Kubernetes Native Storage and a Load Balancer
As I continue to evolve my self-hosted environment to be more robust and fault-tolerant, I have completed setting up the Longhorn storage system and a bare-metal load balancer, MetalLB.
Longhorn
Longhorn provides block strorage for a Kubernetes cluster which is provisioned and managed with containers and microservices. It manages the disk devices on the nodes and creates a pool for Kubernetes persistent volumes (PVs) which are replicated and distributed across the nodes in the cluster. This means that a single node or disk failure doesn’t take down the volume and it’s accessible by other nodes. It also supports snapshots and backups to external storage such as NFS and S3 buckets.
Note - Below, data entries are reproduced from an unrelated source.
Lemma col_mink_basis L : (forall x y, mink (lapply L x) (lapply L y) = mink x y) ->
  forall b c, (b < 4)%nat -> (c < 4)%nat -> col_mink L b c = mink (basis4 b) (basis4 c).
Proof.
  intros HL b c Hb Hc. rewrite <- HL.
  destruct b as [| [| [| [|]]]]; try lia; destruct c as [| [| [| [|]]]]; try lia;
    unfold col_mink, mink, lapply, basis4; simpl; ring.
Qed.

Lemma lorentz_inv_lapply L : (forall x y, mink (lapply L x) (lapply L y) = mink x y) ->
  forall x b, (b < 4)%nat -> lapply (lorentz_inv L) (lapply L x) b = x b.
Proof.
  intros HL x b Hb.
  transitivity (eta_diag b * (x 0%nat * col_mink L b 0%nat + x 1%nat * col_mink L b 1%nat
                              + x 2%nat * col_mink L b 2%nat + x 3%nat * col_mink L b 3%nat));
    [unfold lapply, lorentz_inv, col_mink;
     change (eta_diag 0%nat) with (-1); change (eta_diag 1%nat) with 1;
     change (eta_diag 2%nat) with 1; change (eta_diag 3%nat) with 1; ring |].
  rewrite !(col_mink_basis L HL) by lia.
  destruct b as [| [| [| [|]]]]; try lia; unfold mink, basis4, eta_diag; simpl; ring.
Qed.

Lemma filterlim_lapply {T} (F : (T -> Prop) -> Prop) {FF : Filter F} (M : nat -> nat -> R)
    (f : T -> V4) (p : V4) :
  (forall a, (a < 4)%nat -> filterlim (fun t => f t a) F (locally (p a))) ->
  forall b, filterlim (fun t => lapply M (f t) b) F (locally (lapply M p b)).
Proof.
  intros H b. unfold lapply.
  repeat apply (filterlim_Rplus F); apply (filterlim_Rmult_l F), H; lia.
Qed.

Definition indep (U W : V4) : Prop :=
  forall s t, (forall a, (a < 4)%nat -> s * U a + t * W a = 0) -> s = 0 /\ t = 0.

Definition dot4 (X Y : V4) : R :=
  X 0%nat * Y 0%nat + X 1%nat * Y 1%nat + X 2%nat * Y 2%nat + X 3%nat * Y 3%nat.

Definition gram_det (U W : V4) : R := dot4 U U * dot4 W W - dot4 U W * dot4 U W.

Lemma gram_det_pos U W : indep U W -> 0 < gram_det U W.
Proof.
  intro HI. set (m := fun i j => U i * W j - U j * W i).
  assert (Lag : gram_det U W = m 0%nat 1%nat ^ 2 + m 0%nat 2%nat ^ 2 + m 0%nat 3%nat ^ 2
                               + m 1%nat 2%nat ^ 2 + m 1%nat 3%nat ^ 2 + m 2%nat 3%nat ^ 2)
    by (unfold gram_det, dot4, m; ring).
  apply Rnot_le_lt. intro Hle. rewrite Lag in Hle.
  assert (Hsq : forall x, x ^ 2 <= 0 -> x = 0) by (intros; nra).
  pose proof (pow2_ge_0 (m 0%nat 1%nat)); pose proof (pow2_ge_0 (m 0%nat 2%nat));
  pose proof (pow2_ge_0 (m 0%nat 3%nat)); pose proof (pow2_ge_0 (m 1%nat 2%nat));
  pose proof (pow2_ge_0 (m 1%nat 3%nat)); pose proof (pow2_ge_0 (m 2%nat 3%nat)).
  assert (H01 : m 0%nat 1%nat = 0) by (apply Hsq; lra).
  assert (H02 : m 0%nat 2%nat = 0) by (apply Hsq; lra).
  assert (H03 : m 0%nat 3%nat = 0) by (apply Hsq; lra).
  assert (H12 : m 1%nat 2%nat = 0) by (apply Hsq; lra).
  assert (H13 : m 1%nat 3%nat = 0) by (apply Hsq; lra).
  assert (H23 : m 2%nat 3%nat = 0) by (apply Hsq; lra).
  (* The six vanishing minors make [(U.U) W - (U.W) U] vanish, so [U = 0] by independence. *)
  destruct (HI (- dot4 U W) (dot4 U U)) as [_ HUU].
  { intros a Ha. unfold m in *.
    destruct a as [| [| [| [|]]]]; try lia; unfold dot4;
      [transitivity (- U 1%nat * m 0%nat 1%nat - U 2%nat * m 0%nat 2%nat - U 3%nat * m 0%nat 3%nat)
      | transitivity (U 0%nat * m 0%nat 1%nat - U 2%nat * m 1%nat 2%nat - U 3%nat * m 1%nat 3%nat)
      | transitivity (U 0%nat * m 0%nat 2%nat + U 1%nat * m 1%nat 2%nat - U 3%nat * m 2%nat 3%nat)
      | transitivity (U 0%nat * m 0%nat 3%nat + U 1%nat * m 1%nat 3%nat + U 2%nat * m 2%nat 3%nat)];
      unfold m; try ring; rewrite ?H01, ?H02, ?H03, ?H12, ?H13, ?H23; ring. }
  unfold dot4 in HUU.
  pose proof (pow2_ge_0 (U 0%nat)); pose proof (pow2_ge_0 (U 1%nat));
  pose proof (pow2_ge_0 (U 2%nat)); pose proof (pow2_ge_0 (U 3%nat)).
  destruct (HI 1 0) as [H10 _]; [| lra].
  intros a Ha. destruct a as [| [| [| [|]]]]; try lia;
    (replace (U _) with 0 by (symmetry; apply Hsq; simpl in *; lra)); ring.
Qed.

Definition coord1 (U W z : V4) : R := (dot4 z U * dot4 W W - dot4 z W * dot4 U W) / gram_det U W.
Definition coord2 (U W z : V4) : R := (dot4 z W * dot4 U U - dot4 z U * dot4 U W) / gram_det U W.

Lemma coord_span U W (z : V4) a0 b0 : 0 < gram_det U W ->
  (forall a, (a < 4)%nat -> z a = a0 * U a + b0 * W a) -> coord1 U W z = a0 /\ coord2 U W z = b0.
Proof.
  intros Hd Hz.
  assert (E1 : dot4 z U = a0 * dot4 U U + b0 * dot4 U W) by (unfold dot4; rewrite !Hz by lia; ring).
  assert (E2 : dot4 z W = a0 * dot4 U W + b0 * dot4 W W) by (unfold dot4; rewrite !Hz by lia; ring).
  unfold coord1, coord2. rewrite E1, E2. unfold gram_det in *. split; field; lra.
Qed.

Lemma vel_in_span (y : R -> V4) (P U W : V4) tau0 : indep U W ->
  locally tau0 (fun t => exists s s', forall a, (a < 4)%nat -> y t a = P a + s * U a + s' * W a) ->
  (forall a, (a < 4)%nat -> ex_derive (fun s => y s a) tau0) ->
  forall a, (a < 4)%nat ->
  vel y tau0 a = coord1 U W (vel y tau0) * U a + coord2 U W (vel y tau0) * W a.
Proof.
  intros HI Hpl Hder a Ha. pose proof (gram_det_pos U W HI) as Hd.
  set (k1 := fun b => (U b * dot4 W W - W b * dot4 U W) / gram_det U W).
  set (k2 := fun b => (W b * dot4 U U - U b * dot4 U W) / gram_det U W).
  set (c := fun b => k1 b * U a + k2 b * W a).
  assert (Hloc : locally tau0 (fun s => y s a =
     (y tau0 a - (c 0%nat * y tau0 0%nat + c 1%nat * y tau0 1%nat + c 2%nat * y tau0 2%nat
                  + c 3%nat * y tau0 3%nat))
     + c 0%nat * y s 0%nat + c 1%nat * y s 1%nat + c 2%nat * y s 2%nat + c 3%nat * y s 3%nat)).
  { generalize Hpl. apply filter_imp. intros s [r [r' Hs]].
    destruct (locally_singleton _ _ Hpl) as [q [q' Hq]].
    destruct (coord_span U W (vsub (y s) (y tau0)) (r - q) (r' - q') Hd) as [E1 E2].
    { intros b Hb. unfold vsub. rewrite Hs, Hq by auto. ring. }
    replace (y s a) with (y tau0 a + (r - q) * U a + (r' - q') * W a) by (rewrite Hs, Hq by auto; ring).
    rewrite <- E1, <- E2. unfold coord1, coord2, c, k1, k2, vsub, dot4. field. lra. }
  unfold vel at 1. erewrite Derive_ext_loc; [| exact Hloc].
  apply is_derive_unique.
  eapply (is_derive_component_comb y tau0 _ _ _ (c 0%nat) (c 1%nat) (c 2%nat) (c 3%nat)); auto.
  unfold coord1, coord2, c, k1, k2, dot4. field. lra.
Qed.

Lemma spatial_collinear (U W : V4) alpha beta :
  (forall a, (a < 4)%nat -> alpha * U a + beta * W a = if Nat.eqb a 0 then 1 else 0) ->
  exists m : V4, forall s t, exists kappa, forall k, (1 <= k <= 3)%nat -> s * U k + t * W k = kappa * m k.
Proof.
  intro He.
  assert (He0 := He 0%nat ltac:(lia)). simpl in He0.
  destruct (Req_dec alpha 0) as [H0 | H0].
  - exists U. intros s t. exists s. intros [| k] Hk; [lia|].
    pose proof (He (S k) ltac:(lia)) as Ek. simpl in Ek. rewrite H0 in He0, Ek.
    assert (beta <> 0) by (intro Hb; rewrite Hb in He0; lra).
    assert (W (S k) = 0) by (apply Rmult_eq_reg_l with beta; auto; lra).
    rewrite H1. ring.
  - exists W. intros s t. exists (t - s * beta / alpha). intros [| k] Hk; [lia|].
    pose proof (He (S k) ltac:(lia)) as Ek. simpl in Ek.
    replace (U (S k)) with (- beta / alpha * W (S k)) by (field_simplify_eq; [lra | auto]).
    field. auto.
Qed.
Since I’m already using Rancher for managing my cluster, it was a straight-forward process to install as a catalog app. I created a new Rancher project called “Storage” with a namespace called “longhorn-system” in which to install it.
This process sets up the system itself incuding the storage provisioner so that persistent volume requests can be fulfilled by the longhorn storage class. In order to configure the storage itself and create volumes manually, I needed to create an ingress to the Longhorn web interface. It uses basic authentication, so following the instructions I created an auth file using:
$ USER=<USERNAME_HERE>; PASSWORD=<PASSWORD_HERE>; echo "${USER}:$(openssl passwd -stdin -apr1 <<< ${PASSWORD})" >> auth
Then create the secret from the file:
$ kubectl -n longhorn-system create secret generic basic-auth --from-file=auth
Following my previous pattern, I created an Ansible role which deploys the ingress manifest.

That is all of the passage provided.